La situation de l’Allemagne est fort intéressante. Heureux Allemands, ils n’ont pas généralisé la RTT. Ils ont considérablement amélioré leurs avantages concurrentiels, mais au prix d’une baisse du pouvoir d’achat des salariés. Avec la croissance revenue, les revendications salariales n’ont jamais été aussi fortes. Le secteur du bâtiment vient d’obtenir une augmentation de 3,5%, la chimie 3,6% plus une prime de 0,7%. Dans la métallurgie le patronat offre 3%, l’IG Metall en demande 6,5%. Quant aux cheminots, dont le précédent accord salarial prévoyait une baisse de 5,5%, ils réclament 7% pour tous et, pour les jeunes conducteurs, une augmentation de 40 %.
En Grande Bretagne, la crainte est aux salaires qui flambent. Après trois années de stagnation – tiens, eux aussi ! – on enregistre en trois mois, entre novembre et janvier derniers, une augmentation moyenne de 3,5%. Il est vrai que la croissance britannique tire les salaires vers le haut et que l’inflation augmente. Les hausses de salaire ont atteint 4% dans l’automobile et 4,6% chez British Airways, de très nombreuses négociations sont d’ailleurs en cours.
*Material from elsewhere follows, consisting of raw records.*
Lemma seq_of_choices (P : nat -> nat -> Prop) N : (forall k, k < N -> exists i, P k i) ->
  exists2 s : seq nat, size s = N & forall k, k < N -> P k (nth 0 s k).
Proof.
move=> exP; elim: N exP => [|N IH] exP; first by exists [::].
have [s size_s Ps] := IH (fun k lt_k => exP k (ltnW lt_k)).
have [i Pi] := exP N (ltnSn N).
exists (rcons s i) => [|k]; first by rewrite size_rcons size_s.
rewrite ltnS leq_eqVlt nth_rcons size_s => /orP [/eqP ->|lt_k]; first by rewrite ltnn eqxx.
by rewrite lt_k; apply: Ps.
Qed.

Lemma leaf_choice_exists m n hist : 0 < n -> is_history m n hist -> exists s, leaf_choice m hist s.
Proof.
move=> n_gt0 [size_hist _ _ step].
have step' k : k < n.-1 -> exists i,
    i < nleaves (nth T1 hist k) /\ nth T1 hist k.+1 = binsert m (nth T1 hist k) i.
  by move=> lt_k; have [i lt_i E] := step k (ltac:(lia)); exists i.
have [s size_s Ps] := seq_of_choices step'.
by exists s; split=> [|k]; rewrite size_s ?size_hist // => /Ps.
Qed.

Lemma leaf_choice_unique m n hist s1 s2 : 0 < m -> is_history m n hist ->
  leaf_choice m hist s1 -> leaf_choice m hist s2 -> s1 = s2.
Proof.
move=> m_gt0 [size_hist _ btree_hist _] [size1 step1] [size2 step2].
apply: (@eq_from_nth _ 0) => [|k lt_k1]; first by rewrite size1 size2.
have lt_k2 : k < size s2 by rewrite size2 -size1.
have [lt_leaf1 E1] := step1 k lt_k1; have [lt_leaf2 E2] := step2 k lt_k2.
have [d ok_k] := btree_hist k (ltac:(move: lt_k1; rewrite size1 size_hist; lia)).
have [_ _ G1] := binsert_correct m_gt0 ok_k lt_leaf1.
have [_ _ G2] := binsert_correct m_gt0 ok_k lt_leaf2.
apply: (@leaf_grow_inj m (leaf_sizes (nth T1 hist k))); rewrite ?size_leaf_sizes //.
by rewrite -G1 -G2 -E1 -E2.
Qed.

Lemma leaf_choice_final_inj m n hist1 hist2 s1 s2 : 0 < m ->
  is_history m n hist1 -> is_history m n hist2 ->
  leaf_choice m hist1 s1 -> leaf_choice m hist2 s2 ->
  last (H1 m) (hseq m s1) = last (H1 m) (hseq m s2) -> s1 = s2.
Proof.
move=> m_gt0 ok1 ok2 c1 c2.
have size1 := size_leaf_choice ok1 c1; have size2 := size_leaf_choice ok2 c2.
rewrite !last_hseq size1 size2 => E.
have same_hseq k : k < n -> nth (H1 m) (hseq m s1) k = nth (H1 m) (hseq m s2) k.
  move=> lt_k; have Ek : k + (n.-1 - k) = n.-1 by lia.
  rewrite -(hprune_hseq m_gt0 ok1 c1 (d := n.-1 - k)) ?Ek //; last lia.
  by rewrite -(hprune_hseq m_gt0 ok2 c2 (d := n.-1 - k)) ?Ek ?E //; lia.
apply: (@eq_from_nth _ 0) => [|k lt_k1]; first by rewrite size1 size2.
have lt_kn : k < n by move: lt_k1; rewrite size1; lia.
have ext_bound s hist (ok : is_history m n hist) (c : leaf_choice m hist s) :
    nth 0 s k < nexternal (nth (H1 m) (hseq m s) k).
  rewrite -(nleaves_represents (history_represents m_gt0 ok c lt_kn)).
  by case: (c) => _ step; apply: (step k _).1; rewrite (size_leaf_choice ok c) -size1.
apply: (@hins_inj m (nth (H1 m) (hseq m s1) k) _ _ k.+2 m_gt0); first exact: ext_bound ok1 c1.
  by rewrite same_hseq //; apply: ext_bound ok2 c2.
have lt_k2 : k < size s2 by rewrite size2 -size1.
have lt_Skn : k.+1 < n by move: lt_k1; rewrite size1; lia.
by rewrite -nth_hseqS // (same_hseq k.+1) // (same_hseq k) // nth_hseqS.
Qed.

Section ChoicesToHistory.

Variables (m : nat) (s : seq nat).
Hypotheses (m_gt0 : 0 < m)
  (lt_ext : forall k, k < size s -> nth 0 s k < nexternal (nth (H1 m) (hseq m s) k)).

Lemma btree_seq_represents k : k <= size s ->
  represents m (nth T1 (btree_seq m T1 s) k) (nth (H1 m) (hseq m s) k) /\
  exists d, bt_ok m (nth T1 (btree_seq m T1 s) k) true d.
Proof.
elim: k => [|k IH] le_k.
  have ok_T1 : bt_ok m T1 true 0 by rewrite /= andbT; lia.
  by rewrite nth_hseq0 nth_btree_seq0; split; [apply: represents_T1 | exists 0].
have [rep [d ok_k]] := IH (ltnW le_k).
have lt_leaf : nth 0 s k < nleaves (nth T1 (btree_seq m T1 s) k).
  by rewrite (nleaves_represents rep) lt_ext.
have [d' ok' rep'] := represents_binsert k.+2 m_gt0 ok_k lt_leaf rep.
by rewrite nth_btree_seqS // nth_hseqS //; split=> //; exists d'.
Qed.

Lemma btree_seq_leaves k : k < size s -> nth 0 s k < nleaves (nth T1 (btree_seq m T1 s) k).
Proof.
by move=> lt_k; rewrite (nleaves_represents (btree_seq_represents (ltnW lt_k)).1) lt_ext.
Qed.

Lemma btree_seq_history :
  is_history m (size s).+1 (btree_seq m T1 s) /\ leaf_choice m (btree_seq m T1 s) s.
Proof.
split; last by split=> [|k lt_k]; rewrite ?size_btree_seq ?nth_btree_seqS ?btree_seq_leaves.
split=> [||k lt_k|k lt_k]; rewrite ?size_btree_seq ?nth_btree_seq0 //.
  by have [_ ok] := btree_seq_represents lt_k.
by exists (nth 0 s k); rewrite ?btree_seq_leaves ?nth_btree_seqS.
Qed.

End ChoicesToHistory.

Lemma historic_hseq m n H : 0 < n -> is_historic m n H ->
  exists s, [/\ size s = n.-1,
    forall k, k < size s -> nth 0 s k < nexternal (nth (H1 m) (hseq m s) k) &
    last (H1 m) (hseq m s) = H].
Proof.
move=> n_gt0 [wf_H labels_H].
have uniq_H : uniq (hlabels H) by rewrite (perm_uniq labels_H) iota_uniq.
have mem_H x : (x \in hlabels H) = (1 <= x < 1 + n) by rewrite (perm_mem labels_H) mem_iota.
have root_H : hlabel H = 1.
  have := allP (hwf_hlabel_min wf_H) 1; rewrite mem_H => /(_ (ltac:(lia))).
  by have := hlabel_in H; rewrite mem_H; lia.
have step k : k < n.-1 -> exists i, i < nexternal (hprune k.+1 H) /\
    hprune k.+2 H = hins m 0 (hprune k.+1 H) i k.+2.
  move=> lt_k; have [||i lt_i E] := @hprune_step m k.+1 H 0 wf_H uniq_H.
  - by rewrite mem_H; lia.
  - by rewrite root_H.
  - by exists i.
have [s size_s Ps] := seq_of_choices step.
have hseq_prune k : k < n -> nth (H1 m) (hseq m s) k = hprune k.+1 H.
  elim: k => [|k IH] lt_k; first by rewrite nth_hseq0 -root_H (hprune_root wf_H) root_H.
  have lt_kn : k < n.-1 by lia.
  have [_ ->] := Ps k lt_kn.
  by rewrite nth_hseqS ?size_s // IH // ltnW.
exists s; split=> // [k lt_k|].
  by rewrite size_s in lt_k; rewrite hseq_prune; [case: (Ps k lt_k) | lia].
rewrite last_hseq size_s hseq_prune ?prednK //.
by apply: hprune_id; apply/allP => x; rewrite mem_H; lia.
Qed.

Theorem theorem1 (n m : nat) (hn : 1 <= n) (hm : 1 <= m) :
  (forall hist, is_history m n hist -> exists! H, PhiRel m hist H) /\
  (forall hist s, is_history m n hist -> leaf_choice m hist s ->
     forall k, k < n -> nexternal (nth (H1 m) (hseq m s) k) = nleaves (nth T1 hist k)) /\
  (forall hist H, is_history m n hist -> PhiRel m hist H -> is_historic m n H) /\
  (forall hist1 hist2 H, is_history m n hist1 -> is_history m n hist2 ->
     PhiRel m hist1 H -> PhiRel m hist2 H -> hist1 = hist2) /\
  (forall H, is_historic m n H -> exists2 hist, is_history m n hist & PhiRel m hist H).
Proof.
split.
  move=> hist ok; have [s c] := leaf_choice_exists hn ok.
  exists (last (H1 m) (hseq m s)); split=> [|H' [s' c' ->]]; first by exists s.
  by rewrite (leaf_choice_unique hm ok c c').
split.
  by move=> hist s ok c k lt_k; rewrite (nleaves_represents (history_represents hm ok c lt_k)).
split.
  move=> hist _ ok [s c ->]; rewrite last_hseq (size_leaf_choice ok c).
  by have := hseq_historic hm ok c (ltac:(lia) : n.-1 < n); rewrite prednK.
split.
  move=> hist1 hist2 H ok1 ok2 [s1 c1 E1] [s2 c2 E2].
  rewrite (history_btree_seq hn ok1 c1) (history_btree_seq hn ok2 c2).
  by rewrite (leaf_choice_final_inj hm ok1 ok2 c1 c2 (etrans (esym E1) E2)).
move=> H /(historic_hseq hn) [s [size_s lt_ext <-]].
have [ok c] := btree_seq_history hm lt_ext.
by exists (btree_seq m T1 s); [rewrite size_s prednK in ok | exists s].
Qed.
La situation est tendue dans les pays de l’Europe de l’Est ou du Nord. De très nombreux secteurs manquent de main d’œuvre qualifiée et il s’agit de retenir ou de faire revenir les migrants attirés par l’Ouest. En République Tchèque, les salaires ont augmenté de 10,1% au premier semestre 2006 et la pression ne baisse pas, un accord chez Skoda vient d’accorder 10% immédiatement. En Pologne, le syndicat polonais NSZZ-Solidarnosc a lancé une campagne nationale sur le thème « bas salaires, barrière pour le développement de la Pologne». Selon le syndicat, qui s’appuie sur les travaux de l’Institut du Travail et des Affaires sociales, « en 2006, la productivité du travail a augmenté de 28,5% et les salaires bruts réels de 7,3% ».
Les petits dragons baltes connaissent une croissance à deux chiffres mais une inflation trop forte pour leur permettre de rejoindre la zone Euro. Ces pays, concentrent les salaires les plus bas d’Europe mais les augmentations les plus élevées. Au second semestre 2006, +22,7% pour la Lettonie, +21,1% pour la Lituanie, + 16,4% pour l’Estonie. Le turnover des salariés baltes tend à s’accroître et ce, pour motivation salariale.
Mondialisation, entrée dans l’Union, mouvements migratoires, les Européens connaissent des situations variées et qui bougent très vite.